I will likely serve this with rice. But when entertaining what additional (and elegant) side would you recommend? Would love some suggestions!
This recipe is so easy and delicious. The chicken is cooked perfectly and is moist and flavorful. I used chicken thighs. The key for me is the sage. I make sure that the plums are covered in sauce or tucked underneath the chicken, so that they do not burn. Thanks Dave for a wonderful recipe. I miss your show.
This is a tasty easy recipe. I appreciated the comments about lining a pan with tinfoil because I ended up with some burned on garlic and prunes and a couple of smaller chicken parts that were adhered by the skin to the bottom on the pan.
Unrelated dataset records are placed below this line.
Lemma cube_setT k : cube [set: Lam] k = [set: Lpow Lam k].
Proof. by apply/seteqP; split. Qed.
Lemma cube_cover (F : nat -> set Lam) k :
  (forall m n, (m <= n)%N -> F m `<=` F n) -> (forall x, exists m, F m x) ->
  forall x : Lpow Lam k, exists m, cube (F m) k x.
Proof.
move=> Fnd Fcov x.
have /choice[f Ff] : forall i : 'I_k.+1, exists m, F m (Defs.coord x i).
  by move=> i; exact: Fcov.
by exists (\max_i f i) => i; apply: Fnd (Ff i); exact: leq_bigmax.
Qed.
End cube.

Section completed_product_measure.
Context {d : measure_display} {Lam : measurableType d} {R : realType}
  (mu : {sigma_finite_measure set Lam -> \bar R}).

Lemma mupow_cube D k r : measurable D -> mu D = r%:E ->
  mupow mu k (cube D k) = (r ^+ k.+1)%:E.
Proof.
move=> mD muD; elim: k => [|k IHk]; first by rewrite cube0 /= muD expr1.
rewrite cubeS /= product_measure1E //; last exact: measurable_cube.
by rewrite IHk muD -EFinM [in RHS]exprSr.
Qed.

Lemma measurable_Ltype {k} {A : set (Lpow Lam k)} :
  measurable A -> measurable (A : set (Ltype mu k)).
Proof. exact: caratheodory_measurable_mu_ext. Qed.

Lemma cmupowE k (A : set (Lpow Lam k)) : measurable A ->
  cmupow mu k A = mupow mu k A.
Proof. exact: measurable_mu_extE. Qed.

Lemma cmupow_cube D k r : measurable D -> mu D = r%:E ->
  cmupow mu k (cube D k) = (r ^+ k.+1)%:E.
Proof.
move=> mD muD; rewrite cmupowE; [exact: mupow_cube|].
exact: (measurable_cube D k mD).
Qed.
End completed_product_measure.

(* Unlike [ge0_le_integral], no measurability is needed, as the integral of a
   nonnegative function is a supremum over the simple functions below it.  This
   matters for marginals: sections of a function that is measurable for the
   completed product measure need not be measurable. *)
Lemma ge0_le_integralT {dT} {T : measurableType dT} {R : realType}
  (m : {measure set T -> \bar R}) (f g : T -> \bar R) :
  (forall x, (0 <= f x)%E) -> (forall x, (f x <= g x)%E) ->
  (\int[m]_x f x <= \int[m]_x g x)%E.
Proof.
move=> f0 fg; have g0 x : (0 <= g x)%E by exact: le_trans (f0 x) (fg x).
rewrite !ge0_integralTE //; apply: le_ereal_sup => _ [h hf <-].
by exists h => // x; exact: le_trans (hf x) (fg x).
Qed.

Lemma ge0_integralZ_indic {dT} {T : measurableType dT} {R : realType}
  (m : {measure set T -> \bar R}) (A : set T) (c : R) : measurable A -> 0 <= c ->
  (\int[m]_x (c * \1_A x)%:E = c%:E * m A)%E.
Proof.
move=> mA c_ge0; under eq_integral do rewrite EFinM.
rewrite ge0_integralZl_EFin ?integral_indic ?setIT //.
exact/measurable_EFinP/measurable_indic.
Qed.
I think I may have needed more sauce. I only used one 4 lb. roaster chicken, instead of 2 as called for, and halved the amount of sauce. It had a huge breast about 1 lb per each half. This seems to be the standard size now. I have tried to get smaller breasts at the butcher but haven’t see any. I have come to the conclusion that I should cut them in half so that I have four pieces of breast. I didn’t do that for this recipe. While I end up with some burning on the bottom of the pan, the chicken was perfectly cooked and moist. I will use the full recipe for the sauce next time with a single chicken. I added a little more white vinegar because I like the more contrast to the sweetness. I used the Trader Joe’s Preserves as another reviewer did.
This recipe remains our favorite chicken recipe for the last 9 years since the episode aired in 2005! We love it. We use lots of the prunes and lots of garlic. The house smell terrific also/bonus. It’s a refreshing change from most chicken recipes. We always make sure to use the sugar free “simply apricot” jam .
This dish was seriously delicious, next time I would add more dried plums and more sage leaves, but the flavors were tangy and sweet and the chicken turned out nice and juicy.
Nothing wrong with it, but after eating the top of the chicken, it was just chicken..no depth of flavor…It was fine, but I won’t make again. It did look pretty presented though
Very easy. The garlic was not done. Tasty.
Perfect work/school night dinner. Extremely easy to make and clean up. Unique taste that will blow you away!
I made this using 6 skinless, boneless chicken breasts since it’s healthier, and I had never cut down a whole chicken before. I cooked them for 50 minutes as another reviewer suggested. This was without a doubt the best chicken I have ever made. Perfectly moist and very flavorful. Whatever pan you use though, make sure it is 100% lined with foil before it goes in the oven. At 50 minutes the sauce blackened to the pan and it would have been ruined. I’m sure you could have used up to 8 breasts with the amount of sauce there was, but I only needed 6.